What Philosophical Term or Concept Should Be More Widely Known?


Each year, Edge.org publishes responses to an “annual question.” This year’s question is “What scientific term of concept ought to be more widely known?” There are 206 responses, with a number of philosophers among the respondents.

Here are a few examples, to give you a sense of the variety:

Scientific terms and concepts are not the only ones of which more widespread knowledge would be good. Let’s ask about this for our area of study:

What philosophical term or concept ought to be more widely known?

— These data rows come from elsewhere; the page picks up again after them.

(* Cauchy-Riemann: the real differential [[p, -q]; [q, p]] is multiplication by [p + i q]. *)
Lemma is_derive_C_of_differentiable (u v : R -> R -> R) (x y p q : R) :
  differentiable_pt_lim u x y p (- q) ->
  differentiable_pt_lim v x y q p ->
  is_derive (K:=C_AbsRing) (V:=C_NormedModule)
    (fun w : C => (u (fst w) (snd w), v (fst w) (snd w))) (x, y) (p, q).
Proof.
  intros Hu Hv. split; [apply is_linear_scal_l|].
  intros z Hz.
  apply (is_filter_lim_locally_unique (K:=C_AbsRing) (V:=AbsRing_NormedModule C_AbsRing)) in Hz.
  subst z. intros eps.
  assert (He2 : 0 < eps / 2) by (destruct eps; simpl; lra).
  destruct (Hu (mkposreal _ He2)) as [du Hdu]. destruct (Hv (mkposreal _ He2)) as [dv Hdv].
  exists (mkposreal _ (Rmin_pos _ _ (cond_pos du) (cond_pos dv))).
  intros [x' y'] Hball. simpl in Hdu, Hdv |- *.
  unfold ball in Hball; simpl in Hball.
  unfold AbsRing_ball, abs, minus, plus, opp in Hball; simpl in Hball.
  unfold norm, minus, scal, plus, opp; simpl.
  unfold Cmult, Cplus, Copp in Hball |- *; simpl in Hball |- *.
  change (x' + - x) with (x' - x) in *. change (y' + - y) with (y' - y) in *.
  pose proof (Rmax_Cmod (x' - x, y' - y)) as Hmax. simpl in Hmax.
  pose proof (Rle_trans _ _ _ (Rmax_l _ _) Hmax). pose proof (Rle_trans _ _ _ (Rmax_r _ _) Hmax).
  pose proof (Rmin_l du dv). pose proof (Rmin_r du dv).
  specialize (Hdu x' y' ltac:(lra) ltac:(lra)). specialize (Hdv x' y' ltac:(lra) ltac:(lra)).
  eapply Rle_trans; [apply Cmod_le_Rabs_add|].
  replace (u x' y' + - u x y + - ((x' - x) * p - (y' - y) * q))
    with (u x' y' - u x y - (p * (x' - x) + - q * (y' - y))) by ring.
  replace (v x' y' + - v x y + - ((x' - x) * q + (y' - y) * p))
    with (v x' y' - v x y - (q * (x' - x) + p * (y' - y))) by ring.
  pose proof (Rmult_le_compat_l (eps / 2) _ _ (Rlt_le _ _ He2) Hmax).
  change (abs (K:=C_AbsRing) (x' - x, y' - y)) with (Cmod (x' - x, y' - y)). lra.
Qed.

Lemma is_derive_C_of_cauchy_riemann (u v gr gi : R -> R -> R) :
  (forall x y, is_derive (fun t => u t y) x (gr x y)) ->
  (forall x y, is_derive (fun t => v t y) x (gi x y)) ->
  (forall x y, is_derive (fun t => u x t) y (- gi x y)) ->
  (forall x y, is_derive (fun t => v x t) y (gr x y)) ->
  (forall x y, continuity_2d_pt gr x y) ->
  (forall x y, continuity_2d_pt gi x y) ->
  forall x y,
    is_derive (fun w : C => (u (fst w) (snd w), v (fst w) (snd w)) : C) (x, y) (gr x y, gi x y).
Proof.
  intros Hux Hvx Huy Hvy Hgr Hgi x y.
  apply is_derive_C_of_differentiable; apply differentiable_pt_lim_of_partials; auto.
Qed.

(* Coquelicot gives [C] two normed-module structures: [ex_derive] on [C -> C] uses
   [C_NormedModule], the generic rules such as [is_derive_mult] use
   [AbsRing_NormedModule C_AbsRing]. *)
Lemma is_derive_C_of_AbsRing (f : C -> C) (z l : C) :
  is_derive (K:=C_AbsRing) (V:=AbsRing_NormedModule C_AbsRing) f z l -> is_derive f z l.
Proof.
  intros [[Hadd Hscal [M HM]] Hlim]. split; [split; auto; exists M; exact HM | exact Hlim].
Qed.

Lemma is_derive_AbsRing_of_C (f : C -> C) (z l : C) :
  is_derive f z l -> is_derive (K:=C_AbsRing) (V:=AbsRing_NormedModule C_AbsRing) f z l.
Proof.
  intros [[Hadd Hscal [M HM]] Hlim]. split; [split; auto; exists M; exact HM | exact Hlim].
Qed.

Lemma ex_derive_Cplus (f g : C -> C) (z : C) :
  ex_derive f z -> ex_derive g z -> ex_derive (fun w => f w + g w)%C z.
Proof. apply (ex_derive_plus (K:=C_AbsRing) (V:=C_NormedModule)). Qed.

Lemma ex_derive_Cmult (f g : C -> C) (z : C) :
  ex_derive f z -> ex_derive g z -> ex_derive (fun w => f w * g w)%C z.
Proof.
  intros [df Hf] [dg Hg]. eexists. apply is_derive_C_of_AbsRing.
  apply (is_derive_mult (K:=C_AbsRing)); try apply is_derive_AbsRing_of_C; eauto using Cmult_comm.
Qed.

(* A polynomial is its list of coefficients, constant term first. *)
Fixpoint peval (p : list R) (x : R) : R :=
  match p with nil => 0 | a :: p' => a + x * peval p' x end.

Fixpoint pevalC (p : list R) (z : C) : C :=
  match p with nil => 0%C | a :: p' => (RtoC a + z * pevalC p' z)%C end.

Fixpoint padd (p q : list R) : list R :=
  match p, q with
  | nil, _ => q
  | _, nil => p
  | a :: p', b :: q' => (a + b) :: padd p' q'
  end.

Definition pscale (c : R) (p : list R) : list R := map (Rmult c) p.

Fixpoint pderiv (p : list R) : list R :=
  match p with nil => nil | a :: p' => padd p' (0 :: pderiv p') end.

Fixpoint pnorm1 (p : list R) : R :=
  match p with nil => 0 | a :: p' => Rabs a + pnorm1 p' end.

Lemma peval_padd p q x : peval (padd p q) x = peval p x + peval q x.
Proof.
  revert q; induction p as [|a p IH]; intros [|b q]; simpl; try ring.
  rewrite IH; ring.
Qed.

Lemma peval_pscale c p x : peval (pscale c p) x = c * peval p x.
Proof. induction p as [|a p IH]; simpl; [ring|]. rewrite IH; ring. Qed.

Lemma is_derive_peval p x : is_derive (peval p) x (peval (pderiv p) x).
Proof.
  revert x; induction p as [|a p IH]; intros x; simpl.
  - auto_derive; auto.
  - rewrite peval_padd. simpl. specialize (IH x). auto_derive.
    + eexists; exact IH.
    + erewrite is_derive_unique by exact IH. ring.
Qed.

Lemma pevalC_RtoC p x : pevalC p (RtoC x) = RtoC (peval p x).
Proof.
  induction p as [|a p IH]; simpl; [reflexivity|].
  rewrite IH, <- RtoC_mult, <- RtoC_plus. reflexivity.
Qed.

Let’s be broad-minded about both what counts as a “philosophical term or concept” as well as why it ought to be more widely known. Name the concept and provide a brief explanation aimed at non-philosophers.

I’ll start with a simple one:

Quality of Opinion

People who are disagreeing may tell each other “that’s my opinion” or “that’s your opinion.” These phrases usually function as a conversation enders.

One often says “that’s my opinion” to declare that there’s nothing more one needs to be told about the matter. The phrase doesn’t quite say “I’m right,” but it does say “this isn’t the kind of thing I can be wrong about.” Similarly, we often say “that’s your opinion” in a dismissive manner, to imply that more couldn’t be said in favor of it. It doesn’t quite say, “You’re wrong,” but it does say “this isn’t the kind of thing about which you can be right.” If we can’t be right or wrong about these matters, it may seem pointless to discuss our disagreement over them. Many people think of philosophical positions in this way.

Yet it’s a mistake to treat opinions as “no trespassing” signs for further reasoning and evidence. While some preferences (say, for one flavor over another) may be purely subjective, most opinions aren’t. Opinions can be better or worse. They can be based on ignorance or mistakes about empirical matters, or involve an error in reasoning, or a failure to consider relevant implications or alternatives. Further reasoning and evidence is crucial for figuring out the quality of opinions and which ones are worth holding.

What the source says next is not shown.